Exercise material section start
(* Let $\mathcal{A}$ be a unital dual Banach algebra. If $\mathcal{A}$ is Johnson pseudo-Connes amenable, then $\mathcal{A}$ is approximately Connes amenable.
   Context: A dual Banach algebra is a Banach algebra $\mathcal{A}$ together with a closed $\mathcal{A}$-submodule $\mathcal{A}_*$ of $\mathcal{A}^*$ such that $\mathcal{A}=(\mathcal{A}_* )^*$. A Banach $\mathcal{A}$-bimodule $E$ is normal dual if $E=(E_* )^*$ for a closed submodule $E_*$ of $E^*$ and the module maps $a\mapsto a\cdot x$, $a\mapsto x\cdot a$ are weak$^*$-weak$^*$ continuous. $\mathcal{A}$ is approximately Connes amenable if for every normal dual Banach $\mathcal{A}$-bimodule $E$, every weak$^*$-continuous derivation $D:\mathcal{A}\to E$ is approximately inner, i.e. there is a net $(x_\alpha)$ in $E$ with $D(a)=\lim_\alpha(a\cdot x_\alpha-x_\alpha\cdot a)$ for all $a$. For a bimodule $E$, $\sigma wc(E)$ is the set of $x\in E$ for which $a\mapsto a\cdot x$, $a\mapsto x\cdot a$ are weak$^*$-weak continuous. $\mathcal{A}\hat{\otimes}\mathcal{A}$ has actions $a\cdot(b\otimes c)=ab\otimes c$, $(b\otimes c)\cdot a=b\otimes ca$; duals carry the dual actions. $\pi_{\mathcal{A}}$ is the multiplication map $\mathcal{A}\hat{\otimes}\mathcal{A}\to\mathcal{A}$, $i_{\mathcal{A}_*}:\mathcal{A}_*\hookrightarrow\mathcal{A}^*$ the canonical embedding. $\mathcal{A}$ is Johnson pseudo-Connes amenable if there is a (not necessarily bounded) net $(m_\alpha)$ in $(\mathcal{A}\hat{\otimes}\mathcal{A})^{**}$ with $\langle T,a\cdot m_\alpha\rangle=\langle T,m_\alpha\cdot a\rangle$ for all $a\in\mathcal{A}$, $T\in\sigma wc((\mathcal{A}\hat{\otimes}\mathcal{A})^* )$, $\alpha$, and $i_{\mathcal{A}_*}^*\pi_{\mathcal{A}}^{**}(m_\alpha)a\to a$ for every $a\in\mathcal{A}$. *)

(* Scalars: the complex numbers  C = R[i]  for an
   arbitrary model  R : realType  of the reals (real_closed's [complex]). *)
From HB Require Import structures.
From mathcomp Require Import all_boot all_order all_algebra.
From mathcomp Require Import all_classical all_reals.
From mathcomp Require Import topology normedtype.
From mathcomp Require Import complex.
Set Implicit Arguments. Unset Strict Implicit. Unset Printing Implicit Defensive.
Import Order.TTheory GRing.Theory Num.Theory.
Import numFieldNormedType.Exports.
Local Open Scope ring_scope.
Local Open Scope classical_set_scope.

Section DualBanach.
Variable K : numFieldType.

Definition directed (I : Type) (le : I -> I -> Prop) : Prop :=
  inhabited I /\ (forall i, le i i) /\
  (forall i j k, le i j -> le j k -> le i k) /\
  (forall i j, exists k, le i k /\ le j k).

Definition netlim (I : Type) (le : I -> I -> Prop) (V : normedModType K)
  (u : I -> V) (l : V) : Prop :=
  forall e : K, 0 < e -> exists i0, forall i, le i0 i -> `|u i - l| < e.

Definition netlimK (I : Type) (le : I -> I -> Prop) (u : I -> K) (l : K) : Prop :=
  forall e : K, 0 < e -> exists i0, forall i, le i0 i -> `|u i - l| < e.

(* continuity of h : X -> Y when X carries the weak topology sigma(X,P) and
   Y the weak topology sigma(Y,Q), stated with nets *)
Definition wcont (X Y : Type) (P : set (X -> K)) (Q : set (Y -> K))
  (h : X -> Y) : Prop :=
  forall (I : Type) (le : I -> I -> Prop) (u : I -> X) (x : X),
    directed le ->
    (forall p, P p -> netlimK le (fun i => p (u i)) (p x)) ->
    forall q, Q q -> netlimK le (fun i => q (h (u i))) (q (h x)).

Definition lin_fun (X : normedModType K) (f : X -> K) : Prop :=
  (forall x y, f (x + y) = f x + f y) /\ (forall (k : K) x, f (k *: x) = k * f x).

Definition fbnd (X : normedModType K) (f : X -> K) (M : K) : Prop :=
  forall x, `|f x| <= M * `|x|.

Definition in_dual (X : normedModType K) (f : X -> K) : Prop :=
  lin_fun f /\ exists M, fbnd f M.

Definition closed_dual_subspace (X : normedModType K) (P : set (X -> K)) : Prop :=
  (forall f, P f -> in_dual f) /\
  P (fun _ => 0) /\
  (forall f g, P f -> P g -> P (fun x => f x + g x)) /\
  (forall (k : K) f, P f -> P (fun x => k * f x)) /\
  (forall f, lin_fun f ->
     (forall e : K, 0 < e -> exists g, P g /\ fbnd (fun x => f x - g x) e) ->
     P f).

(* psi is a bounded linear functional on the normed space P (subspace of X^*
   with the operator norm), i.e. psi is an element of P^* *)
Definition in_dual_of (X : Type) (P : set (X -> K)) (bnd : (X -> K) -> K -> Prop)
  (psi : (X -> K) -> K) : Prop :=
  (forall f g, P f -> P g -> psi (fun x => f x + g x) = psi f + psi g) /\
  (forall (k : K) f, P f -> psi (fun x => k * f x) = k * psi f) /\
  exists C, forall f M, P f -> 0 <= M -> bnd f M -> `|psi f| <= C * M.

(* X = (P)^* : P is a closed subspace of X^* and the canonical map
   x |-> (f |-> f x) is an isometric isomorphism of X onto P^* *)
Definition predual_of (X : normedModType K) (P : set (X -> K)) : Prop :=
  closed_dual_subspace P /\
  (forall psi, in_dual_of P (@fbnd X) psi ->
     exists x : X, forall f, P f -> psi f = f x) /\
  (forall x y : X, (forall f, P f -> f x = f y) -> x = y) /\
  (forall (x : X) (e : K), 0 < e ->
     exists f, P f /\ fbnd f 1 /\ `|x| - e <= `|f x|).

Definition banach_algebra (A : completeNormedModType K) (mul : A -> A -> A) : Prop :=
  (forall a b c, mul (a + b) c = mul a c + mul b c) /\
  (forall a b c, mul a (b + c) = mul a b + mul a c) /\
  (forall (k : K) a b, mul (k *: a) b = k *: mul a b) /\
  (forall (k : K) a b, mul a (k *: b) = k *: mul a b) /\
  (forall a b c, mul (mul a b) c = mul a (mul b c)) /\
  (forall a b, `|mul a b| <= `|a| * `|b|).

Definition unital (A : completeNormedModType K) (mul : A -> A -> A) : Prop :=
  exists e : A, forall a, mul e a = a /\ mul a e = a.

(* (A, A_* = P) is a dual Banach algebra: P closed A-submodule of A^* for the
   dual actions (a.f)(x) = f(x a), (f.a)(x) = f(a x), and A = (P)^* *)
Definition dual_banach_algebra (A : completeNormedModType K) (mul : A -> A -> A)
  (P : set (A -> K)) : Prop :=
  banach_algebra mul /\ predual_of P /\
  (forall f a, P f -> P (fun x => f (mul x a)) /\ P (fun x => f (mul a x))).

Definition banach_bimodule (A : completeNormedModType K) (mul : A -> A -> A)
  (E : completeNormedModType K) (lact : A -> E -> E) (ract : E -> A -> E) : Prop :=
  (forall a b x, lact (a + b) x = lact a x + lact b x) /\
  (forall a x y, lact a (x + y) = lact a x + lact a y) /\
  (forall (k : K) a x, lact (k *: a) x = k *: lact a x) /\
  (forall (k : K) a x, lact a (k *: x) = k *: lact a x) /\
  (forall a b x, ract x (a + b) = ract x a + ract x b) /\
  (forall a x y, ract (x + y) a = ract x a + ract y a) /\
  (forall (k : K) a x, ract x (k *: a) = k *: ract x a) /\
  (forall (k : K) a x, ract (k *: x) a = k *: ract x a) /\
  (forall a b x, lact (mul a b) x = lact a (lact b x)) /\
  (forall a b x, ract x (mul a b) = ract (ract x a) b) /\
  (forall a b x, ract (lact a x) b = lact a (ract x b)) /\
  (forall a x, `|lact a x| <= `|a| * `|x|) /\
  (forall a x, `|ract x a| <= `|a| * `|x|).

Definition normal_dual_module (A : completeNormedModType K) (P : set (A -> K))
  (E : completeNormedModType K) (lact : A -> E -> E) (ract : E -> A -> E)
  (Q : set (E -> K)) : Prop :=
  predual_of Q /\
  (forall g a, Q g -> Q (fun x => g (ract x a)) /\ Q (fun x => g (lact a x))) /\
  (forall x, wcont P Q (fun a => lact a x) /\ wcont P Q (fun a => ract x a)).

Definition derivation (A : completeNormedModType K) (mul : A -> A -> A)
  (E : completeNormedModType K) (lact : A -> E -> E) (ract : E -> A -> E)
  (D : A -> E) : Prop :=
  (forall a b, D (a + b) = D a + D b) /\
  (forall (k : K) a, D (k *: a) = k *: D a) /\
  (forall a b, D (mul a b) = lact a (D b) + ract (D a) b).

Definition approx_inner (A : completeNormedModType K)
  (E : completeNormedModType K) (lact : A -> E -> E) (ract : E -> A -> E)
  (D : A -> E) : Prop :=
  exists (I : Type) (le : I -> I -> Prop) (x : I -> E),
    directed le /\
    forall a, netlim le (fun i => lact a (x i) - ract (x i) a) (D a).

Definition approx_connes_amenable (A : completeNormedModType K)
  (mul : A -> A -> A) (P : set (A -> K)) : Prop :=
  forall (E : completeNormedModType K) (lact : A -> E -> E) (ract : E -> A -> E)
         (Q : set (E -> K)),
    banach_bimodule mul lact ract -> normal_dual_module P lact ract Q ->
    forall D : A -> E, derivation mul lact ract D -> wcont P Q D ->
      approx_inner lact ract D.

(* (A \hat\otimes A)^* is identified (isometrically, via the universal property
   of the projective tensor product) with the bounded bilinear forms on A x A,
   T(b, c) = <T, b (x) c>. *)
Definition bilbnd (A : completeNormedModType K) (T : A -> A -> K) (M : K) : Prop :=
  forall b c, `|T b c| <= M * `|b| * `|c|.

Definition bbil (A : completeNormedModType K) (T : A -> A -> K) : Prop :=
  (forall b b' c, T (b + b') c = T b c + T b' c) /\
  (forall b c c', T b (c + c') = T b c + T b c') /\
  (forall (k : K) b c, T (k *: b) c = k * T b c) /\
  (forall (k : K) b c, T b (k *: c) = k * T b c) /\
  exists M, bilbnd T M.

(* elements of (A \hat\otimes A)^** : bounded linear functionals on the
   Banach space of bounded bilinear forms *)
Definition bidual (A : completeNormedModType K) (m : (A -> A -> K) -> K) : Prop :=
  (forall T1 T2, bbil T1 -> bbil T2 ->
     m (fun b c => T1 b c + T2 b c) = m T1 + m T2) /\
  (forall (k : K) T, bbil T -> m (fun b c => k * T b c) = k * m T) /\
  exists C, forall T M, bbil T -> 0 <= M -> bilbnd T M -> `|m T| <= C * M.

(* dual module actions on (A \hat\otimes A)^*, from
   a.(b (x) c) = ab (x) c  and  (b (x) c).a = b (x) ca :
   (a.T)(b,c) = T(b, c a)   and   (T.a)(b,c) = T(a b, c) *)
Definition lactT (A : completeNormedModType K) (mul : A -> A -> A)
  (a : A) (T : A -> A -> K) : A -> A -> K := fun b c => T b (mul c a).
Definition ractT (A : completeNormedModType K) (mul : A -> A -> A)
  (T : A -> A -> K) (a : A) : A -> A -> K := fun b c => T (mul a b) c.

(* sigma wc of the dual of A \hat\otimes A: a |-> a.T and a |-> T.a are weak*-weak
   continuous, the weak topology of the dual Y of A \hat\otimes A being
   sigma(Y, Y^* ), Y^* = bidual *)
Definition sigma_wc (A : completeNormedModType K) (mul : A -> A -> A)
  (P : set (A -> K)) (T : A -> A -> K) : Prop :=
  bbil T /\
  wcont P (@bidual A) (fun a => lactT mul a T) /\
  wcont P (@bidual A) (fun a => ractT mul T a).

(* For m in (A\hat\otimes A)^**,
   <T, a.m> = <T.a, m> and <T, m.a> = <a.T, m>;
   pi_A^*(f)(b,c) = f(bc), so i_{A_*}^* pi_A^**(m) is the element y of
   A = (A_* )^* with f(y) = m(pi_A^* f) for all f in A_* . *)
Definition johnson_pseudo_connes_amenable (A : completeNormedModType K)
  (mul : A -> A -> A) (P : set (A -> K)) : Prop :=
  exists (I : Type) (le : I -> I -> Prop) (m : I -> ((A -> A -> K) -> K)),
    directed le /\
    (forall i, bidual (m i)) /\
    (forall i a T, sigma_wc mul P T ->
        m i (ractT mul T a) = m i (lactT mul a T)) /\
    exists y : I -> A,
      (forall i f, P f -> f (y i) = m i (fun b c => f (mul b c))) /\
      (forall a, netlim le (fun i => mul (y i) a) a).

End DualBanach.

(* Let [(m_i)] be the net given by Johnson pseudo-Connes amenability and
   [y_i = i_{A_*}^* pi_A^** (m_i)], so that [y_i a -> a]; with a unit [e] this
   means [y_i -> e].  Let [D : A -> E] be a weak*-continuous derivation into a
   normal dual module [E = (E_* )^*].  For [g] in [E_*] the bilinear form
   [T_g(b, c) = <g, b.D c>] is bounded, because [D] is bounded by the uniform
   boundedness principle, and it lies in [sigma wc] because [D] and the module
   actions are weak*-continuous.  Hence [<g, x_i> := <T_g, m_i>] defines
   [x_i] in [E], and the Leibniz rule [D (c a) = c.D a + D c.a] together with
   [<T.a, m_i> = <a.T, m_i>] gives [a.x_i - x_i.a = y_i.D a].  Since
   [y_i.D a -> e.D a = D a - D e.a], the net [x_i + e.D e - D e] implements [D]
   approximately. *)

From HB Require Import structures.
From mathcomp Require Import all_boot all_order all_algebra.
From mathcomp Require Import all_classical all_reals.
From mathcomp Require Import topology normedtype.
From mathcomp Require Import complex.
From mathcomp Require Import ring zify.
Set Implicit Arguments. Unset Strict Implicit. Unset Printing Implicit Defensive.
Import Order.TTheory GRing.Theory Num.Theory.
Import numFieldNormedType.Exports.
Local Open Scope ring_scope.
Local Open Scope classical_set_scope.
Exercise material section end
#### Problem to work on
Taking the records above, retype every line from the one with "Definition bbil (A" down to the one with "Definition bidual (A", exactly and with nothing else.

#### Answer for the task
Definition bbil (A : completeNormedModType K) (T : A -> A -> K) : Prop :=
  (forall b b' c, T (b + b') c = T b c + T b' c) /\
  (forall b c c', T b (c + c') = T b c + T b c') /\
  (forall (k : K) b c, T (k *: b) c = k * T b c) /\
  (forall (k : K) b c, T b (k *: c) = k * T b c) /\
  exists M, bilbnd T M.

(* elements of (A \hat\otimes A)^** : bounded linear functionals on the
   Banach space of bounded bilinear forms *)
Definition bidual (A : completeNormedModType K) (m : (A -> A -> K) -> K) : Prop :=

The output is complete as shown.